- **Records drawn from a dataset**
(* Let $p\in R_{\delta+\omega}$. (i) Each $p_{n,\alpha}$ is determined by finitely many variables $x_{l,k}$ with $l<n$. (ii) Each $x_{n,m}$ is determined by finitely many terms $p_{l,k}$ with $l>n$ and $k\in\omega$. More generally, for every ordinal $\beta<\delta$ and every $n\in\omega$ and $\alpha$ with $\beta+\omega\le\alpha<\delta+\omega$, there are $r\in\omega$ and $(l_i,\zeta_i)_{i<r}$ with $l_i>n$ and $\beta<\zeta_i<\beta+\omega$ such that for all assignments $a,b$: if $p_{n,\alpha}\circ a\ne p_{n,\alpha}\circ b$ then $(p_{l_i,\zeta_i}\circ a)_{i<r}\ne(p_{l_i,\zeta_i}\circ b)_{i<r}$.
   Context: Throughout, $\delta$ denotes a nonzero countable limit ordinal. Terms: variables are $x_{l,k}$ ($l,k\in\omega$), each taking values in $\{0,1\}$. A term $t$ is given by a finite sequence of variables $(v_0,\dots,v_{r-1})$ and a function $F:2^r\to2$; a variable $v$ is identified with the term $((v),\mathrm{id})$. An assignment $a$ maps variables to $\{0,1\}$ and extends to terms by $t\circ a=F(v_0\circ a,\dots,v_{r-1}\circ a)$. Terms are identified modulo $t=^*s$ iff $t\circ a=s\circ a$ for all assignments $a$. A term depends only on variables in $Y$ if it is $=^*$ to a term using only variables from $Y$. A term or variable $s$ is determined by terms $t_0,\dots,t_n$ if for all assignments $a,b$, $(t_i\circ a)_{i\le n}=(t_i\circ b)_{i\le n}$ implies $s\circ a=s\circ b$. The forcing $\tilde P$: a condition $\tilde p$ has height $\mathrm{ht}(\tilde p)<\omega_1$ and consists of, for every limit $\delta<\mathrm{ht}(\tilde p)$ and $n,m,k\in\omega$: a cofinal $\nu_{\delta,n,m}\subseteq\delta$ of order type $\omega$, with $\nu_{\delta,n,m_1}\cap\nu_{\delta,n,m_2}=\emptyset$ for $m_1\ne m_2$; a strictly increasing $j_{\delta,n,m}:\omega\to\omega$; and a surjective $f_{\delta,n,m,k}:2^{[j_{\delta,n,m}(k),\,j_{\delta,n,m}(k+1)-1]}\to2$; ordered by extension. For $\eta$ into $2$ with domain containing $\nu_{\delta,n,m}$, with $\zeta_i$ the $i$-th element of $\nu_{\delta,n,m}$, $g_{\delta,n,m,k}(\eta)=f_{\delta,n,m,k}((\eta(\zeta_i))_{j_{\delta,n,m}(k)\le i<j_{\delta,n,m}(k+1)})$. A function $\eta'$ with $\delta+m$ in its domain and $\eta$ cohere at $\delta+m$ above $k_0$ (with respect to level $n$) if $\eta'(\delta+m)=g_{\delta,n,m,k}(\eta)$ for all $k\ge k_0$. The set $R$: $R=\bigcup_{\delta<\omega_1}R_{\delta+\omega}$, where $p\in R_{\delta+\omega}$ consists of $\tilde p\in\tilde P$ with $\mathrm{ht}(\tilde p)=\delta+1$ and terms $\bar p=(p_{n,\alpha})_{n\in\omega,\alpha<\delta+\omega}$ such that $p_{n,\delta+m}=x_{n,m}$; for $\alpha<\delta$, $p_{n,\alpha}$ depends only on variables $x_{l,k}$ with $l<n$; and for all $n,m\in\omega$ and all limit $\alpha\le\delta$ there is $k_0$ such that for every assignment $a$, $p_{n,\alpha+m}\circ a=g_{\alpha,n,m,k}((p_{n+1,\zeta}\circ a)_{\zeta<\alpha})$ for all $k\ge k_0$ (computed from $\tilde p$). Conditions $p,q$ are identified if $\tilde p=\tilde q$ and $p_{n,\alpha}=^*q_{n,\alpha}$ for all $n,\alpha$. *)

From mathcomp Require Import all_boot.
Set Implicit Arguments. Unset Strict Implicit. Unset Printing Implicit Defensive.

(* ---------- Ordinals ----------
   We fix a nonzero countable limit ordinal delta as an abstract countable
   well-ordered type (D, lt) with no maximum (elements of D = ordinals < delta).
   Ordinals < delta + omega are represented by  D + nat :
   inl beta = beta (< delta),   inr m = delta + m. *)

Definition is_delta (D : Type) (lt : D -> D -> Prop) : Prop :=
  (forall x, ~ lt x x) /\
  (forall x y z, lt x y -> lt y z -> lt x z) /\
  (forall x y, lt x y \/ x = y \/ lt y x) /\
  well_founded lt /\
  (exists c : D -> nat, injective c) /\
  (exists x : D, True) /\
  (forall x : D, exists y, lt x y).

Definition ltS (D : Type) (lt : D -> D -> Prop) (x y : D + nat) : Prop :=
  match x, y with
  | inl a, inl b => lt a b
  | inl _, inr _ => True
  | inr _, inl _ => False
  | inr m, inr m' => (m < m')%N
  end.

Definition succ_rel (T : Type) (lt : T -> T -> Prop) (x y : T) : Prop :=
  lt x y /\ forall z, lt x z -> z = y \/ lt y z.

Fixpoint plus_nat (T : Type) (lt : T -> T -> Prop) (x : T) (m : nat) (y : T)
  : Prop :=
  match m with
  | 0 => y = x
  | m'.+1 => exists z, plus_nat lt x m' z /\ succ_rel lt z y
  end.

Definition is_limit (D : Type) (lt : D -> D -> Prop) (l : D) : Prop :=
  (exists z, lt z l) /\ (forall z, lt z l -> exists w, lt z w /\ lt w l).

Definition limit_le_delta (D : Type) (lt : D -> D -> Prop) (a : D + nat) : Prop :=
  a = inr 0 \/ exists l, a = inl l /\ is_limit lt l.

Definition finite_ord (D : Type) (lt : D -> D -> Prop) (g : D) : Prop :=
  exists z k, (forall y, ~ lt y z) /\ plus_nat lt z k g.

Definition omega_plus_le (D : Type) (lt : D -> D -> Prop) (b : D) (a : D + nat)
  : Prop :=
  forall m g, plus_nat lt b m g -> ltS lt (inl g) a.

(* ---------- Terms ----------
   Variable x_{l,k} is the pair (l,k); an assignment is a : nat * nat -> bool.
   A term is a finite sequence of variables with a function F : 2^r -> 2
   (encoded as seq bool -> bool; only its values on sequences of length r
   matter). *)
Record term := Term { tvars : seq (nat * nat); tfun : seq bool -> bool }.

* * *

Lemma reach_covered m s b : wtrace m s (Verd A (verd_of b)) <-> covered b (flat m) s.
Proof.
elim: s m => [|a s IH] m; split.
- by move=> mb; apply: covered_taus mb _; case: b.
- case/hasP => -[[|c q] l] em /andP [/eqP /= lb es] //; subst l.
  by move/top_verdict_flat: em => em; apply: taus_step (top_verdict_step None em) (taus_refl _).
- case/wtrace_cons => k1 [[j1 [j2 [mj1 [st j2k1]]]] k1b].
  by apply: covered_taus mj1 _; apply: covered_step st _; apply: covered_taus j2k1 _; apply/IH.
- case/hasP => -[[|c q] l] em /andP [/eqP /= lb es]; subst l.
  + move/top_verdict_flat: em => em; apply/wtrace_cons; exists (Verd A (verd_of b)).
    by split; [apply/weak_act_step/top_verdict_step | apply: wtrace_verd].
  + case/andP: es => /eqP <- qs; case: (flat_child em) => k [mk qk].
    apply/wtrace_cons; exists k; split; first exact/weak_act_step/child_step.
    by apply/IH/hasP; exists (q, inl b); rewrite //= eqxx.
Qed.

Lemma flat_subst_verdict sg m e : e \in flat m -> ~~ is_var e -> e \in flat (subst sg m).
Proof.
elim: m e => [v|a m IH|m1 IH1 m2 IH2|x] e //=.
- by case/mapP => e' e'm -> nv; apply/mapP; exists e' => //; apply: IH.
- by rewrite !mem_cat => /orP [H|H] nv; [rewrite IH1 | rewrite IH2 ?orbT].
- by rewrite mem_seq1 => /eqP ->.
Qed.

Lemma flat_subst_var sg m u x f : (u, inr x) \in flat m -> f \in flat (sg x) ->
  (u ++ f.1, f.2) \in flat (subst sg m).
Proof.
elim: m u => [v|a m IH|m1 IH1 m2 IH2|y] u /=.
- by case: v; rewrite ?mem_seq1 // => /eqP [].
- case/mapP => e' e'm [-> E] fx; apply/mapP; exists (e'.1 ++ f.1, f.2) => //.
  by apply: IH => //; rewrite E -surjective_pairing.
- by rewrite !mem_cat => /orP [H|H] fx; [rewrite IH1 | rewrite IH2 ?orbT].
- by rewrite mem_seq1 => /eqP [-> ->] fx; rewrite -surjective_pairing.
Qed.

- **WHAT THIS TASK INVOLVES**
Please copy, exactly and with nothing else, the lines above beginning at the line that has "(exists c : D -> nat, injective c) /\" and ending with the line that has "Record term := Term".

- **RESULT**
  (exists c : D -> nat, injective c) /\
  (exists x : D, True) /\
  (forall x : D, exists y, lt x y).

Definition ltS (D : Type) (lt : D -> D -> Prop) (x y : D + nat) : Prop :=
  match x, y with
  | inl a, inl b => lt a b
  | inl _, inr _ => True
  | inr _, inl _ => False
  | inr m, inr m' => (m < m')%N
  end.

Definition succ_rel (T : Type) (lt : T -> T -> Prop) (x y : T) : Prop :=
  lt x y /\ forall z, lt x z -> z = y \/ lt y z.

Fixpoint plus_nat (T : Type) (lt : T -> T -> Prop) (x : T) (m : nat) (y : T)
  : Prop :=
  match m with
  | 0 => y = x
  | m'.+1 => exists z, plus_nat lt x m' z /\ succ_rel lt z y
  end.

Definition is_limit (D : Type) (lt : D -> D -> Prop) (l : D) : Prop :=
  (exists z, lt z l) /\ (forall z, lt z l -> exists w, lt z w /\ lt w l).

Definition limit_le_delta (D : Type) (lt : D -> D -> Prop) (a : D + nat) : Prop :=
  a = inr 0 \/ exists l, a = inl l /\ is_limit lt l.

Definition finite_ord (D : Type) (lt : D -> D -> Prop) (g : D) : Prop :=
  exists z k, (forall y, ~ lt y z) /\ plus_nat lt z k g.

Definition omega_plus_le (D : Type) (lt : D -> D -> Prop) (b : D) (a : D + nat)
  : Prop :=
  forall m g, plus_nat lt b m g -> ltS lt (inl g) a.

(* ---------- Terms ----------
   Variable x_{l,k} is the pair (l,k); an assignment is a : nat * nat -> bool.
   A term is a finite sequence of variables with a function F : 2^r -> 2
   (encoded as seq bool -> bool; only its values on sequences of length r
   matter). *)
Record term := Term { tvars : seq (nat * nat); tfun : seq bool -> bool }.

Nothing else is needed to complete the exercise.